_BRIEF_: At the line containing "have [arcsN _ acyclicN _ _] := netN.", begin repeating lines exactly, and stop only after the final line of the records below.
━━ PROVIDED RECORDS ━━
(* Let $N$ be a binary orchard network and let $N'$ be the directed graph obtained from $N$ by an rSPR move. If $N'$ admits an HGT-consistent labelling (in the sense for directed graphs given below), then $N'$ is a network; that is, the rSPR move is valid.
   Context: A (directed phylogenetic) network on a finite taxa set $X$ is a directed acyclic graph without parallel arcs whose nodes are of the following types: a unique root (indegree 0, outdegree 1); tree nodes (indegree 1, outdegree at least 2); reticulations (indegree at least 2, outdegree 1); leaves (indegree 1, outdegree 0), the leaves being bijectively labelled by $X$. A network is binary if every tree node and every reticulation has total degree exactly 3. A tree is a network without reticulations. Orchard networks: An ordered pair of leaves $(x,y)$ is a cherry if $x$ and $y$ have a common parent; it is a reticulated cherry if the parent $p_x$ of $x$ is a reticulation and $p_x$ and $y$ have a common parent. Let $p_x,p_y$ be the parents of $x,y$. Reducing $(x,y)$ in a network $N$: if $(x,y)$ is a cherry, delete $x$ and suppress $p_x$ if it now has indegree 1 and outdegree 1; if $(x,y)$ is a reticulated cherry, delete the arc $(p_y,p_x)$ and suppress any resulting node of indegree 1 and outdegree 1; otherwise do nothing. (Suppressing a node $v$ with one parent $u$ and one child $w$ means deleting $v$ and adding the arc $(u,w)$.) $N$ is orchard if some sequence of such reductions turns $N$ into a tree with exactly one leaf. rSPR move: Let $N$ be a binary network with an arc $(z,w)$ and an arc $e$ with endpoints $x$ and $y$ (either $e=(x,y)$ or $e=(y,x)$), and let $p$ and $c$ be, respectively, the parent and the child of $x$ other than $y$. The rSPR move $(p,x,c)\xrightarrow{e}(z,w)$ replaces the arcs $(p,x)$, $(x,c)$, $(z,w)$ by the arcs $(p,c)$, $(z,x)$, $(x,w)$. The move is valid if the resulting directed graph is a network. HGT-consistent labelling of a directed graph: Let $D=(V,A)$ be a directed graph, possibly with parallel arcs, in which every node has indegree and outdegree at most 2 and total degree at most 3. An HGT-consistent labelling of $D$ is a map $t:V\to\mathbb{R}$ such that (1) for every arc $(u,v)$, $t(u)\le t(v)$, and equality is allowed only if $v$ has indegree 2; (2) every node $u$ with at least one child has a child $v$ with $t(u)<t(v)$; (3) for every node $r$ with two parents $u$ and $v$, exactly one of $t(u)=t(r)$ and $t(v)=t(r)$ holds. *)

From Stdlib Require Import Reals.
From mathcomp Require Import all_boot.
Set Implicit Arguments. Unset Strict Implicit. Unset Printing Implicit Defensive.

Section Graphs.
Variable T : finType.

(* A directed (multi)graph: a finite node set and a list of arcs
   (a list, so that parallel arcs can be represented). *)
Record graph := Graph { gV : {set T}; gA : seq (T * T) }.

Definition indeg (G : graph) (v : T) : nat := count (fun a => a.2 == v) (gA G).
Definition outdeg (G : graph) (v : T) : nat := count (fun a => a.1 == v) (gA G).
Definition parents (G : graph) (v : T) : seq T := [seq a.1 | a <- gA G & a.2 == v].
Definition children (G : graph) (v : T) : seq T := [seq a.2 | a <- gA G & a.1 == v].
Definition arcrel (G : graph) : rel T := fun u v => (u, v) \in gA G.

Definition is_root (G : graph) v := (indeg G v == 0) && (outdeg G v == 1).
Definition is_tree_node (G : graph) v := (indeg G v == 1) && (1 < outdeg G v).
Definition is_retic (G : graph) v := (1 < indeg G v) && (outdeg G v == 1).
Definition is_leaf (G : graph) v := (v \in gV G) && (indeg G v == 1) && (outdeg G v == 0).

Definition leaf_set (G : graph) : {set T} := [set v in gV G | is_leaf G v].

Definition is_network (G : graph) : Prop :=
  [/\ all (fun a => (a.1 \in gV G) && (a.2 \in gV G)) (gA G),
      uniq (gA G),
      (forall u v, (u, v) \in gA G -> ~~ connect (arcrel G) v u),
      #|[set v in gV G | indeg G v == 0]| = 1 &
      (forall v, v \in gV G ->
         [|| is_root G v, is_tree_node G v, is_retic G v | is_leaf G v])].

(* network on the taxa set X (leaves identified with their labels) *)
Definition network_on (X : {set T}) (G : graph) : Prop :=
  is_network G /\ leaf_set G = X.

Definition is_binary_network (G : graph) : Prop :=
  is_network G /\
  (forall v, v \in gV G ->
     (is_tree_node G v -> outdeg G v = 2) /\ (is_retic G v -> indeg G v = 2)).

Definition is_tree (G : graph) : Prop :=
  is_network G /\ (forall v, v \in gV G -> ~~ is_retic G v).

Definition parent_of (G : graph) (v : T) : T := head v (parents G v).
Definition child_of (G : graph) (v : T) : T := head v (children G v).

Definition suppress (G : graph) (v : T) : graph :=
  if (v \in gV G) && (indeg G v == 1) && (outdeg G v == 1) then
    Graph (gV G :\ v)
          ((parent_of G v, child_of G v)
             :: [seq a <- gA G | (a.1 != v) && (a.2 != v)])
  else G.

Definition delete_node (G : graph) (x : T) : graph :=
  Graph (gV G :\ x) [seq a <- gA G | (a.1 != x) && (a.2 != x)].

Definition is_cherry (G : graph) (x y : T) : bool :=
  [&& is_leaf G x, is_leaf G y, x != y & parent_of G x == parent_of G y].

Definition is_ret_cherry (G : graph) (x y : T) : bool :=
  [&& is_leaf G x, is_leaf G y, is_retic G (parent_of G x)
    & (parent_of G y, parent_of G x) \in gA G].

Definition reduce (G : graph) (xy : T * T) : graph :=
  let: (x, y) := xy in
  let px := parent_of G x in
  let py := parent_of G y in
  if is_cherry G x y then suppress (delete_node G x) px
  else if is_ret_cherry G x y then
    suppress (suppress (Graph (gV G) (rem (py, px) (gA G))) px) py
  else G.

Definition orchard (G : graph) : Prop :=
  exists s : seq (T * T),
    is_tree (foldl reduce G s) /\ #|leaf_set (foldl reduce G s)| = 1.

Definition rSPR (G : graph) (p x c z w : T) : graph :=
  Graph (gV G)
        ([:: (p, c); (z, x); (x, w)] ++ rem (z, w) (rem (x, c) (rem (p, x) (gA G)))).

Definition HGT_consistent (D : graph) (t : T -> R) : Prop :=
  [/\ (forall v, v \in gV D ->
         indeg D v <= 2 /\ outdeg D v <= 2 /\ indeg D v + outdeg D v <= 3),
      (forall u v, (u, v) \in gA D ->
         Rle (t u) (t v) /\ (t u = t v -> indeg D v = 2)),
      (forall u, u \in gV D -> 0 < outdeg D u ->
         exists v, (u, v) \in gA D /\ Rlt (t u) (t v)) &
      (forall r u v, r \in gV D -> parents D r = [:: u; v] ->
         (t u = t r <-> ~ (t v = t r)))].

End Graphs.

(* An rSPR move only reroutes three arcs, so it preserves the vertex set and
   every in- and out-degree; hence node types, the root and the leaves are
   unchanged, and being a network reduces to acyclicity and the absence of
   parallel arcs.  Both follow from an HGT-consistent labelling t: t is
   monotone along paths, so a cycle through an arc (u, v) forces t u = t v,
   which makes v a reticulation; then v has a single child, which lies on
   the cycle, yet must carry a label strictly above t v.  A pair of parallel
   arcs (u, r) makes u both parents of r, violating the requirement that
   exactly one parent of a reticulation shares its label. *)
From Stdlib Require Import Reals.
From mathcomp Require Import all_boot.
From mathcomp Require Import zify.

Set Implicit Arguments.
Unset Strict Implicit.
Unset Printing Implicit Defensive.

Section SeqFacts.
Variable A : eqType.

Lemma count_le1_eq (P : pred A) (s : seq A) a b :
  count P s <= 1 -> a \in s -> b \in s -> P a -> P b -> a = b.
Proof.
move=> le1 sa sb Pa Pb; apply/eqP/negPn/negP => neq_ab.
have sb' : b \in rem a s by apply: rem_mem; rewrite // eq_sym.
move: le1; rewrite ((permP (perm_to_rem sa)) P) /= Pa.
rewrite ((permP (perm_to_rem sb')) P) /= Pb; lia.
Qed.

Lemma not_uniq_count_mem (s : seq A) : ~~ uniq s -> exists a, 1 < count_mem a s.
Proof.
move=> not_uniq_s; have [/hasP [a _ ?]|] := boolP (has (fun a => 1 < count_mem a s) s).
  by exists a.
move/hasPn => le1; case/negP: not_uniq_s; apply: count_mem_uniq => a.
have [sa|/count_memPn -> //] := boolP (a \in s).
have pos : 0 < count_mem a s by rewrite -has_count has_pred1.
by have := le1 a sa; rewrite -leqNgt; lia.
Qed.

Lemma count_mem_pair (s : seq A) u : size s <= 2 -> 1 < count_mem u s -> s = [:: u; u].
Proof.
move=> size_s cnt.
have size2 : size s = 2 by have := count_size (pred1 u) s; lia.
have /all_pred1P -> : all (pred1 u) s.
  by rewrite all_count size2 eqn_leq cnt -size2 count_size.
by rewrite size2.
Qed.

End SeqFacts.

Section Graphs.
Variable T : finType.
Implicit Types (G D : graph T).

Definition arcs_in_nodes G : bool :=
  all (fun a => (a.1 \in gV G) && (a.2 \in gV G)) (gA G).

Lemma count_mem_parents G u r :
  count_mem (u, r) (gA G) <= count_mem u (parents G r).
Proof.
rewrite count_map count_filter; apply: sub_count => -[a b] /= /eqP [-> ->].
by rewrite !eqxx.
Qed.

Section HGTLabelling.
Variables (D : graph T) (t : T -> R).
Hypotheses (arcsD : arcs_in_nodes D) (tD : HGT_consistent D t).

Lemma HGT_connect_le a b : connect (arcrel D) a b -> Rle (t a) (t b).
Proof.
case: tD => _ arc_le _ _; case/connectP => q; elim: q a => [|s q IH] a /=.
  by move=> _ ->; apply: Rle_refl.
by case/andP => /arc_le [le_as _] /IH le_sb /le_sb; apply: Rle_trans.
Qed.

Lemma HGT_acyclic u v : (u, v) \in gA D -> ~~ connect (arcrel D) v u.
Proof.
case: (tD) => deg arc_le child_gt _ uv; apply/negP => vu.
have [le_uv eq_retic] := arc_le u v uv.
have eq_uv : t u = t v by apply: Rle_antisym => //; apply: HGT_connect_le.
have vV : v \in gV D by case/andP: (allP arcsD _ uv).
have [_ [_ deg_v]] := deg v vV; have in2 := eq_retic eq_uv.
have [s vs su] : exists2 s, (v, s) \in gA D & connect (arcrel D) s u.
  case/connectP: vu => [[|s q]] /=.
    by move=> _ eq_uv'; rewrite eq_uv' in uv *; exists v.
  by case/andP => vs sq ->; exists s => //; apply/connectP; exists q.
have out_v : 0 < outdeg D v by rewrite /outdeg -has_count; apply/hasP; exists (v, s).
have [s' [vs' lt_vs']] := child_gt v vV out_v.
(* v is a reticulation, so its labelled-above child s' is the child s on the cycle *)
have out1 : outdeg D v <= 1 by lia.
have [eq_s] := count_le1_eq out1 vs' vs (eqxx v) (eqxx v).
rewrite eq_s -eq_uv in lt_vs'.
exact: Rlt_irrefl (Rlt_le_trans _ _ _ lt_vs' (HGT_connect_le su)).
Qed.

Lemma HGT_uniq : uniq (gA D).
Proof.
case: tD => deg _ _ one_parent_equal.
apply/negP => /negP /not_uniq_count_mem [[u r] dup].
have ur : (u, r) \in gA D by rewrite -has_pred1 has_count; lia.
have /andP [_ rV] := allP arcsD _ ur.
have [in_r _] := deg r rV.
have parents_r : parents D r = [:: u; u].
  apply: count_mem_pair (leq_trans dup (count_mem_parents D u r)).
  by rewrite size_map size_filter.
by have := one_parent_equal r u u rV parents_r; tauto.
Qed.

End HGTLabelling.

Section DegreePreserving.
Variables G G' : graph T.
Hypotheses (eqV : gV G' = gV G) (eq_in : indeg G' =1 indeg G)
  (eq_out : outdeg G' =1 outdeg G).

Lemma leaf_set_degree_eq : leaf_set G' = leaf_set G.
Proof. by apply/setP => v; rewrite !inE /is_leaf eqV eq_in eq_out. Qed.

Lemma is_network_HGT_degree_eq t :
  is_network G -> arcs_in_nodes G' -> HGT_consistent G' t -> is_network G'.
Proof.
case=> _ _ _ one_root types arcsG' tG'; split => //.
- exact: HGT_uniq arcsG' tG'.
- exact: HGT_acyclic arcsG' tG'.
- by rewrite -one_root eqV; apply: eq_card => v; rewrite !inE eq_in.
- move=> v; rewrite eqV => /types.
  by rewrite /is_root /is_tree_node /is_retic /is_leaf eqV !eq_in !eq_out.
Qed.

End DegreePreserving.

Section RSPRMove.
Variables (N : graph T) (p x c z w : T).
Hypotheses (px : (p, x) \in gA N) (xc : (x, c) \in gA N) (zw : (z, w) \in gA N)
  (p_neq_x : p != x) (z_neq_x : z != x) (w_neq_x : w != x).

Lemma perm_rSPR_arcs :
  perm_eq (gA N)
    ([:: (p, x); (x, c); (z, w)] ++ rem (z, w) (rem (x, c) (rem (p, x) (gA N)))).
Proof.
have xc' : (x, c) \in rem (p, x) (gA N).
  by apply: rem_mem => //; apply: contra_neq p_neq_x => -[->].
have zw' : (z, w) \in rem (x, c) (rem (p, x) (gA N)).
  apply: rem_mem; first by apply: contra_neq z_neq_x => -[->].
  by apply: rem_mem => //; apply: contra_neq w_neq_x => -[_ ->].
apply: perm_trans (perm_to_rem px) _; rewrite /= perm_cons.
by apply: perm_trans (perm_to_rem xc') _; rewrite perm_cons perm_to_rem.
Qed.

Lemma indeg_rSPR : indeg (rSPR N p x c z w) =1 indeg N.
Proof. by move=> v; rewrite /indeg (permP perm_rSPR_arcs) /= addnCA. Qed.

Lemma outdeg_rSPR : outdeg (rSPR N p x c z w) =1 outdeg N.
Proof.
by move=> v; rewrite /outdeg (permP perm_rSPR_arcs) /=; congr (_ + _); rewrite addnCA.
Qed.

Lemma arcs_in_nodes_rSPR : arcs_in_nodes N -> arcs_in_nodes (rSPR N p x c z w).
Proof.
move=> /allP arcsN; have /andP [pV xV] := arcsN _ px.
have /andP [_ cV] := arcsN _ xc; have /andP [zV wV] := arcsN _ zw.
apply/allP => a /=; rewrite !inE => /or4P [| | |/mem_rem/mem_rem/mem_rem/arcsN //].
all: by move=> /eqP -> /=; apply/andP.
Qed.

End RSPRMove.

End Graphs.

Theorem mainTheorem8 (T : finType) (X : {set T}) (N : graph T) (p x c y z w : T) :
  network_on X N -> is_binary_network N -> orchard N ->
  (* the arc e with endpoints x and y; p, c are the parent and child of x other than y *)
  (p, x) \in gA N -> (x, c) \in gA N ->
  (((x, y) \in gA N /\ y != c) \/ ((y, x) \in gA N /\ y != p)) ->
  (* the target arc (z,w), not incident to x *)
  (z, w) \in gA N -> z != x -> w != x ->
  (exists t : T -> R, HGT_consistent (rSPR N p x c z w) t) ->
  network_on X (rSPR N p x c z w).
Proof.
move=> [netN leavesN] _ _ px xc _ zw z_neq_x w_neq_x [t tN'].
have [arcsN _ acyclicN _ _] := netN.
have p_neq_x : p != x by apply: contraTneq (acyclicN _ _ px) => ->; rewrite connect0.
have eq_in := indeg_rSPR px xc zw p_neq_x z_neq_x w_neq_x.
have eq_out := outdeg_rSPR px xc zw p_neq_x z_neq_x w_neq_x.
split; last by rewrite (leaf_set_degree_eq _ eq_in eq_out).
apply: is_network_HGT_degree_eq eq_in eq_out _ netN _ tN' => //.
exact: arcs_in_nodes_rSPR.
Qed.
━━━
_RESPONSE TO THE TASK_:
have [arcsN _ acyclicN _ _] := netN.
have p_neq_x : p != x by apply: contraTneq (acyclicN _ _ px) => ->; rewrite connect0.
have eq_in := indeg_rSPR px xc zw p_neq_x z_neq_x w_neq_x.
have eq_out := outdeg_rSPR px xc zw p_neq_x z_neq_x w_neq_x.
split; last by rewrite (leaf_set_degree_eq _ eq_in eq_out).
apply: is_network_HGT_degree_eq eq_in eq_out _ netN _ tN' => //.
exact: arcs_in_nodes_rSPR.
Qed.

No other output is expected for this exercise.